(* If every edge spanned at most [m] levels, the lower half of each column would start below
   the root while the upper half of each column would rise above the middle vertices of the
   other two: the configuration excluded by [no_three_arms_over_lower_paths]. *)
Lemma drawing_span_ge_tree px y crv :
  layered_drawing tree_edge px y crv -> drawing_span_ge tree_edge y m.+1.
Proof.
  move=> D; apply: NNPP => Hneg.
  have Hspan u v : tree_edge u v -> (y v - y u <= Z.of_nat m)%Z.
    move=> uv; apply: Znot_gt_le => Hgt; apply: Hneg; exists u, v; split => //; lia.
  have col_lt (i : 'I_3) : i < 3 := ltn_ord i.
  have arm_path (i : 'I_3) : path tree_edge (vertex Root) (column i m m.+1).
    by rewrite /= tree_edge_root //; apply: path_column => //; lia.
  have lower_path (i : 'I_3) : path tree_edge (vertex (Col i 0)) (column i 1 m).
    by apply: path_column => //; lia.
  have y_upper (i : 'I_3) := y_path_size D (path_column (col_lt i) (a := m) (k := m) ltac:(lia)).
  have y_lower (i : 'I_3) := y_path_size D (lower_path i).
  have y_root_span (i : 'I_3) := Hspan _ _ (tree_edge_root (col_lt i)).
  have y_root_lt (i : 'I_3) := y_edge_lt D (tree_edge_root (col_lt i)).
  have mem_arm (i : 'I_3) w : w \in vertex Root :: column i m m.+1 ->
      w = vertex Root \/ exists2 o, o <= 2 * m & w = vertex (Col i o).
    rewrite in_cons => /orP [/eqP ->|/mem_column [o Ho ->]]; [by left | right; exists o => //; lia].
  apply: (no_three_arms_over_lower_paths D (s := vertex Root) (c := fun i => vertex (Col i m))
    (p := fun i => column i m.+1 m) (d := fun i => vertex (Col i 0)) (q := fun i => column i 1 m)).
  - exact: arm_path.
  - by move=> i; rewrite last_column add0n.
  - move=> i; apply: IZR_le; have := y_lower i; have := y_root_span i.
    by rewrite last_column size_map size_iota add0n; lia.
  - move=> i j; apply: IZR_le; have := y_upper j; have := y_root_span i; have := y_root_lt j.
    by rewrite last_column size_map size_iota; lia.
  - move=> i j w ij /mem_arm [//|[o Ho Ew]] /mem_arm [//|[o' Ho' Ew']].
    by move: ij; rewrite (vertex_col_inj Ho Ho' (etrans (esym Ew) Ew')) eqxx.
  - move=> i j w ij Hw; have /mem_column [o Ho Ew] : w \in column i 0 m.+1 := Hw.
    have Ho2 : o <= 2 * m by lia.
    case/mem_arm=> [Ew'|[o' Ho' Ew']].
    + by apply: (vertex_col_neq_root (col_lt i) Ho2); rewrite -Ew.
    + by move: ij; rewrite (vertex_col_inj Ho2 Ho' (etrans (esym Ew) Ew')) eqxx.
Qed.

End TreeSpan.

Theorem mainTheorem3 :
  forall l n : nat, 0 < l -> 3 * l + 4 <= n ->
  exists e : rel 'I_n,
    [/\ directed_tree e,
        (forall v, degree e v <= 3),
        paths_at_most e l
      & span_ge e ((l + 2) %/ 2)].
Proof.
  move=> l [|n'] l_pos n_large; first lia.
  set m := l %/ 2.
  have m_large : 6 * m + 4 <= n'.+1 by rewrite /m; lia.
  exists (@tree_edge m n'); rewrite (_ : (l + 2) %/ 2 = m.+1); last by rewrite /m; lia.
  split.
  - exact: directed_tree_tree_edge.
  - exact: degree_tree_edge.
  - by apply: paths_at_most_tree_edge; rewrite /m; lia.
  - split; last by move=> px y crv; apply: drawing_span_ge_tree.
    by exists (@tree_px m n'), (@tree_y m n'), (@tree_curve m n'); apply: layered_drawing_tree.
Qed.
* * * * * * *
**WHAT IS REQUIRED**. The records above must be repeated exactly, in their entirety.

**ANSWER SECTION**.
(* If every edge spanned at most [m] levels, the lower half of each column would start below
   the root while the upper half of each column would rise above the middle vertices of the
   other two: the configuration excluded by [no_three_arms_over_lower_paths]. *)
Lemma drawing_span_ge_tree px y crv :
  layered_drawing tree_edge px y crv -> drawing_span_ge tree_edge y m.+1.
Proof.
  move=> D; apply: NNPP => Hneg.
  have Hspan u v : tree_edge u v -> (y v - y u <= Z.of_nat m)%Z.
    move=> uv; apply: Znot_gt_le => Hgt; apply: Hneg; exists u, v; split => //; lia.
  have col_lt (i : 'I_3) : i < 3 := ltn_ord i.
  have arm_path (i : 'I_3) : path tree_edge (vertex Root) (column i m m.+1).
    by rewrite /= tree_edge_root //; apply: path_column => //; lia.
  have lower_path (i : 'I_3) : path tree_edge (vertex (Col i 0)) (column i 1 m).
    by apply: path_column => //; lia.
  have y_upper (i : 'I_3) := y_path_size D (path_column (col_lt i) (a := m) (k := m) ltac:(lia)).
  have y_lower (i : 'I_3) := y_path_size D (lower_path i).
  have y_root_span (i : 'I_3) := Hspan _ _ (tree_edge_root (col_lt i)).
  have y_root_lt (i : 'I_3) := y_edge_lt D (tree_edge_root (col_lt i)).
  have mem_arm (i : 'I_3) w : w \in vertex Root :: column i m m.+1 ->
      w = vertex Root \/ exists2 o, o <= 2 * m & w = vertex (Col i o).
    rewrite in_cons => /orP [/eqP ->|/mem_column [o Ho ->]]; [by left | right; exists o => //; lia].
  apply: (no_three_arms_over_lower_paths D (s := vertex Root) (c := fun i => vertex (Col i m))
    (p := fun i => column i m.+1 m) (d := fun i => vertex (Col i 0)) (q := fun i => column i 1 m)).
  - exact: arm_path.
  - by move=> i; rewrite last_column add0n.
  - move=> i; apply: IZR_le; have := y_lower i; have := y_root_span i.
    by rewrite last_column size_map size_iota add0n; lia.
  - move=> i j; apply: IZR_le; have := y_upper j; have := y_root_span i; have := y_root_lt j.
    by rewrite last_column size_map size_iota; lia.
  - move=> i j w ij /mem_arm [//|[o Ho Ew]] /mem_arm [//|[o' Ho' Ew']].
    by move: ij; rewrite (vertex_col_inj Ho Ho' (etrans (esym Ew) Ew')) eqxx.
  - move=> i j w ij Hw; have /mem_column [o Ho Ew] : w \in column i 0 m.+1 := Hw.
    have Ho2 : o <= 2 * m by lia.
    case/mem_arm=> [Ew'|[o' Ho' Ew']].
    + by apply: (vertex_col_neq_root (col_lt i) Ho2); rewrite -Ew.
    + by move: ij; rewrite (vertex_col_inj Ho2 Ho' (etrans (esym Ew) Ew')) eqxx.
Qed.

End TreeSpan.

Theorem mainTheorem3 :
  forall l n : nat, 0 < l -> 3 * l + 4 <= n ->
  exists e : rel 'I_n,
    [/\ directed_tree e,
        (forall v, degree e v <= 3),
        paths_at_most e l
      & span_ge e ((l + 2) %/ 2)].
Proof.
  move=> l [|n'] l_pos n_large; first lia.
  set m := l %/ 2.
  have m_large : 6 * m + 4 <= n'.+1 by rewrite /m; lia.
  exists (@tree_edge m n'); rewrite (_ : (l + 2) %/ 2 = m.+1); last by rewrite /m; lia.
  split.
  - exact: directed_tree_tree_edge.
  - exact: degree_tree_edge.
  - by apply: paths_at_most_tree_edge; rewrite /m; lia.
  - split; last by move=> px y crv; apply: drawing_span_ge_tree.
    by exists (@tree_px m n'), (@tree_y m n'), (@tree_curve m n'); apply: layered_drawing_tree.
Qed.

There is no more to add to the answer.